Marlborough Sauvignon Blanc and Pinot Noir are always top of mind, but every region is putting its own stamp on New Zealand’s signature grapes. Here are some places – from north to south – to keep an eye out for:

HAWKE’S BAY – Eastern coast of the North Island
Sauvignon Blanc: Bright acidity and intense fruit. These are often fermented or aged in oak. Pinot Noir: Floral and spicy with cherry and plum. Many can be quite earthy, but all are rich, with supple tannins.
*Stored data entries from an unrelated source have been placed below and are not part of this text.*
Theorem mainTheorem3 (R : realType) :
  (* (a) one-dimensional subspaces *)
  (forall S : 'M[R]_3, \rank S = 1%N ->
     (completely_elliptic 1 S <->
        [\/ (S == vec3 1 1 1)%MS, (S == vec3 (-1) 1 1)%MS,
            (S == vec3 1 (-1) 1)%MS | (S == vec3 1 1 (-1))%MS]))
  /\
  (* (b) two-dimensional subspaces with unit normal vector w *)
  (forall (S : 'M[R]_3) (w : 'rV[R]_3), \rank S = 2%N ->
     \sum_(j < 3) w ord0 j ^+ 2 = 1 ->
     S *m w^T = 0 ->
     (completely_elliptic 2 S <->
        ((coord3 w 0 + coord3 w 1 - coord3 w 2) *
         (coord3 w 0 - coord3 w 1 + coord3 w 2) *
         (- coord3 w 0 + coord3 w 1 + coord3 w 2) *
         (coord3 w 0 + coord3 w 1 + coord3 w 2) > 0
         \/
         exists2 v : 'rV[R]_3,
           v \in [:: vec3 0 1 1; vec3 0 1 (-1); vec3 1 0 1;
                     vec3 1 0 (-1); vec3 1 1 0; vec3 1 (-1) 0]
           & exists c : R, w = c *: v))).
Proof.
split=> [S rankS | S w rankS w_unit Sw].
  exact: iff_trans (completely_elliptic1P rankS) (sign_vector3P S).
have w_neq0 : w != 0.
  apply/eqP => w0; move: w_unit; rewrite w0 sum_ord3 !mxE expr0n /= !addr0 => /eqP.
  by rewrite eq_sym oner_eq0.
apply: iff_trans (completely_elliptic_hyperplane rankS w_neq0 Sw) _.
have := vec3_coord3 w; move: (coord3 w 0) (coord3 w 1) (coord3 w 2) => a b c ->.
apply: iff_trans (unit_frame_existsP a b c) _.
by rewrite face_diagonalP.
Qed.
(* Let $P$ be a finite poset with height function $h$ and a unique minimum $\hat{0}$. Then $$\mathsf{Z}_{P,h}([0]_q)=q^{-h(\hat{0})}\big(1-\chi_{P\setminus\{\hat{0}\}}\big),$$ where $\chi_R=\sum_{k\ge1}(-1)^{k-1}\#\operatorname{Ch}_k(R)$ (so $\chi_\emptyset=0$). In particular, if $P$ also has a unique maximum $\hat{1}\neq\hat{0}$, then $\mathsf{Z}_{P,h}([0]_q)=0$.
   Context: $q$ is an indeterminate; $[n]_q=(q^n-1)/(q-1)$ (so $[0]_q=0$). A height function is $h:P\to\mathbb{N}$ with $h(x)<h(y)$ whenever $y$ covers $x$. $\operatorname{Ch}_k(R)$ is the set of strict chains $c_1<\cdots<c_k$ in $R$. For a tuple $a$ of $k$ distinct nonnegative integers, $\mathsf{E}_a\in\mathbb{Q}(q)[x]$ is the unique polynomial with $\mathsf{E}_a([n]_q)=\sum_{m\in\mathbb{N}^k,\sum m_i=n}q^{\sum a_im_i}$ for $n\ge0$. The $q$-Zeta polynomial is $\mathsf{Z}_{P,h}(x)=\sum_{k\ge1}\sum_{c\in\operatorname{Ch}_k(P)}q^{\sum_i h(c_i)}\mathsf{E}_{(h(c_1),\dots,h(c_k))}((x-[k+1]_q)/q^{k+1})$; it is the unique polynomial with $\mathsf{Z}_{P,h}([n]_q)=\sum_{e_1\le\cdots\le e_{n-1}}q^{\sum_j h(e_j)}$ for all $n\ge2$. *)

From HB Require Import structures.
From mathcomp Require Import all_boot all_order all_algebra.
From Stdlib Require Import ClassicalEpsilon.
Set Implicit Arguments. Unset Strict Implicit. Unset Printing Implicit Defensive.
Import Order.TTheory GRing.Theory Num.Theory.
Local Open Scope ring_scope.

Definition Qq : fieldType := {fraction {poly rat}}.
Definition qv : Qq := FracField.tofrac ('X : {poly rat}).

Definition qint (n : nat) : Qq := (qv ^+ n - 1) / (qv - 1).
MARTINBOROUGH – Southern tip of the North Island
Sauvignon Blanc: Intense, bright and quite perfumed, with good precision. Herbs, tropical fruit and mineral. Pinot Noir: Richly flavoured and savoury, with great texture and depth alongside a notably aromatic varietal character.

MARLBOROUGH – Northeast tip of the South Island
Sauvignon Blanc: Herbaceous, aromatic and tropical, with excellent vibrancy. Pinot Noir: Brightly articulated dark and red fruit, with spicy undertones.

CENTRAL OTAGO – New Zealand’s southernmost and highest wine region
Sauvignon Blanc: Crisp and linear, with herbs, pineapple, passionfruit and a distinct gunflint minerality. Pinot Noir: Aromatic and lush, with taut structure, silky texture and true intensity.